Among the entries below, one stretch runs from the line that contains "(A : set (Omega" through the line that contains "[set f | U f". Repeat that stretch exactly, ends included, and only that.

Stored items

========

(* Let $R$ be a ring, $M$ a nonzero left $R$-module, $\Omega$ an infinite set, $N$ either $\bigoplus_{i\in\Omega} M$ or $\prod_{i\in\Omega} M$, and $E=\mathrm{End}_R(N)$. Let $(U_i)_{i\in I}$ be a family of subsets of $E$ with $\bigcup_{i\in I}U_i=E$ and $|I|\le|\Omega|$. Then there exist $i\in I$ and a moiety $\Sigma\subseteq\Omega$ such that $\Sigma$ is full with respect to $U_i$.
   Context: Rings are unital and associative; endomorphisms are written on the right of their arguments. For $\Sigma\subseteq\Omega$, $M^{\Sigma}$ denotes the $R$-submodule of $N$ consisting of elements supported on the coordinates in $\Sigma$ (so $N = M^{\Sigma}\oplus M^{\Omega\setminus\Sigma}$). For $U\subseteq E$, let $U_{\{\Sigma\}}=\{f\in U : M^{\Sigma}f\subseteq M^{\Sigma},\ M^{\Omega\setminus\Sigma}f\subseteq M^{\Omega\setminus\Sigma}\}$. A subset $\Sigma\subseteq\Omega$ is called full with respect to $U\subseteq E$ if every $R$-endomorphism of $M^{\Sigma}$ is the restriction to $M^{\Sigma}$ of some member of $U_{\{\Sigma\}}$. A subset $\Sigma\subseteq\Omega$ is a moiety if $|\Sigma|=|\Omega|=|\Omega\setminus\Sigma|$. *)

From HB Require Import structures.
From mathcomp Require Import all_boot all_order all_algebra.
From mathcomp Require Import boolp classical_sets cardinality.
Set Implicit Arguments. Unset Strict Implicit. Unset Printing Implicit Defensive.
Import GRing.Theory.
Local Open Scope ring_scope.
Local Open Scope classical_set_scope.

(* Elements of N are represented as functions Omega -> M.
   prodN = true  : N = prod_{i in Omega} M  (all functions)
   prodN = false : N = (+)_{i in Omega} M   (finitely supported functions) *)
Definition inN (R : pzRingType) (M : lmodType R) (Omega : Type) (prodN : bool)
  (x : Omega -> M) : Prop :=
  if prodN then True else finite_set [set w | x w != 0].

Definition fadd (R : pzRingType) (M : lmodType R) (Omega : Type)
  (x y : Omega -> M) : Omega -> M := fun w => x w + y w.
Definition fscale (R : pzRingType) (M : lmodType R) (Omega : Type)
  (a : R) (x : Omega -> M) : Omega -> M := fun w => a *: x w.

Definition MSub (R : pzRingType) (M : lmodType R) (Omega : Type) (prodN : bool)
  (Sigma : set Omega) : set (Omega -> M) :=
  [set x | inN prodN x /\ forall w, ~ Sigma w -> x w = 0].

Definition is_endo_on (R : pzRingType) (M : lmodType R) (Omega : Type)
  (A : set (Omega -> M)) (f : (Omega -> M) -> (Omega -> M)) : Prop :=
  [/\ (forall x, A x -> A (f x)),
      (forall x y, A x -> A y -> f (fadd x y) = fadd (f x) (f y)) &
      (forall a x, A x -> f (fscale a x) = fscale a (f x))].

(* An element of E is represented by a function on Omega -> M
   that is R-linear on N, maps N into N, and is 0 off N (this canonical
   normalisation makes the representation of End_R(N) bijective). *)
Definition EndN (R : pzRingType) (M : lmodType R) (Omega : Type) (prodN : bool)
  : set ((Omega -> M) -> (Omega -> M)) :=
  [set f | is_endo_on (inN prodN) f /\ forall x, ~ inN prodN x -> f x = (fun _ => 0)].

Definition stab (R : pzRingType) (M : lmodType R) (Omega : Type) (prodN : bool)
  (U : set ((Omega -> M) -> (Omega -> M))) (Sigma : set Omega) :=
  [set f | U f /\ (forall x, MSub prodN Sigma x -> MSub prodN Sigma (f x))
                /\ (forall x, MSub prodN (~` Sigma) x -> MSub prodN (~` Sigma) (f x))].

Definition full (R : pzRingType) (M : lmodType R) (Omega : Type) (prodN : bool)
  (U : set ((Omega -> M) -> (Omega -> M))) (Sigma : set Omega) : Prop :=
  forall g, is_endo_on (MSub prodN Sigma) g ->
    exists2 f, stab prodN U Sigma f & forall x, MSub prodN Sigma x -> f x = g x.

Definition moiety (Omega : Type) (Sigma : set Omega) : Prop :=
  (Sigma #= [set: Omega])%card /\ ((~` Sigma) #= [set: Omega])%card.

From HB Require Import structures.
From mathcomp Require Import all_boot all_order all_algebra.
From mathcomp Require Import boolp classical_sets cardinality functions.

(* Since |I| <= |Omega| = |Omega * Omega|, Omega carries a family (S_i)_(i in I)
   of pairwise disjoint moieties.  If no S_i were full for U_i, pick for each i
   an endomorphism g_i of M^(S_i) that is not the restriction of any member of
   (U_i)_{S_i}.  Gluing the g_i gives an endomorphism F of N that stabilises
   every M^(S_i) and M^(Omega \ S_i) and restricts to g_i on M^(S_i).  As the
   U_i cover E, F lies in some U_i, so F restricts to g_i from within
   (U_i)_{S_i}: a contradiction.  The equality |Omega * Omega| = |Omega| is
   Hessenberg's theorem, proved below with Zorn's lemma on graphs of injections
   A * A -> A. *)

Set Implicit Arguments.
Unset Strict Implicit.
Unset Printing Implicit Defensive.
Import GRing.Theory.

========

**TASK OUTPUT**.
  (A : set (Omega -> M)) (f : (Omega -> M) -> (Omega -> M)) : Prop :=
  [/\ (forall x, A x -> A (f x)),
      (forall x y, A x -> A y -> f (fadd x y) = fadd (f x) (f y)) &
      (forall a x, A x -> f (fscale a x) = fscale a (f x))].

(* An element of E is represented by a function on Omega -> M
   that is R-linear on N, maps N into N, and is 0 off N (this canonical
   normalisation makes the representation of End_R(N) bijective). *)
Definition EndN (R : pzRingType) (M : lmodType R) (Omega : Type) (prodN : bool)
  : set ((Omega -> M) -> (Omega -> M)) :=
  [set f | is_endo_on (inN prodN) f /\ forall x, ~ inN prodN x -> f x = (fun _ => 0)].

Definition stab (R : pzRingType) (M : lmodType R) (Omega : Type) (prodN : bool)
  (U : set ((Omega -> M) -> (Omega -> M))) (Sigma : set Omega) :=
  [set f | U f /\ (forall x, MSub prodN Sigma x -> MSub prodN Sigma (f x))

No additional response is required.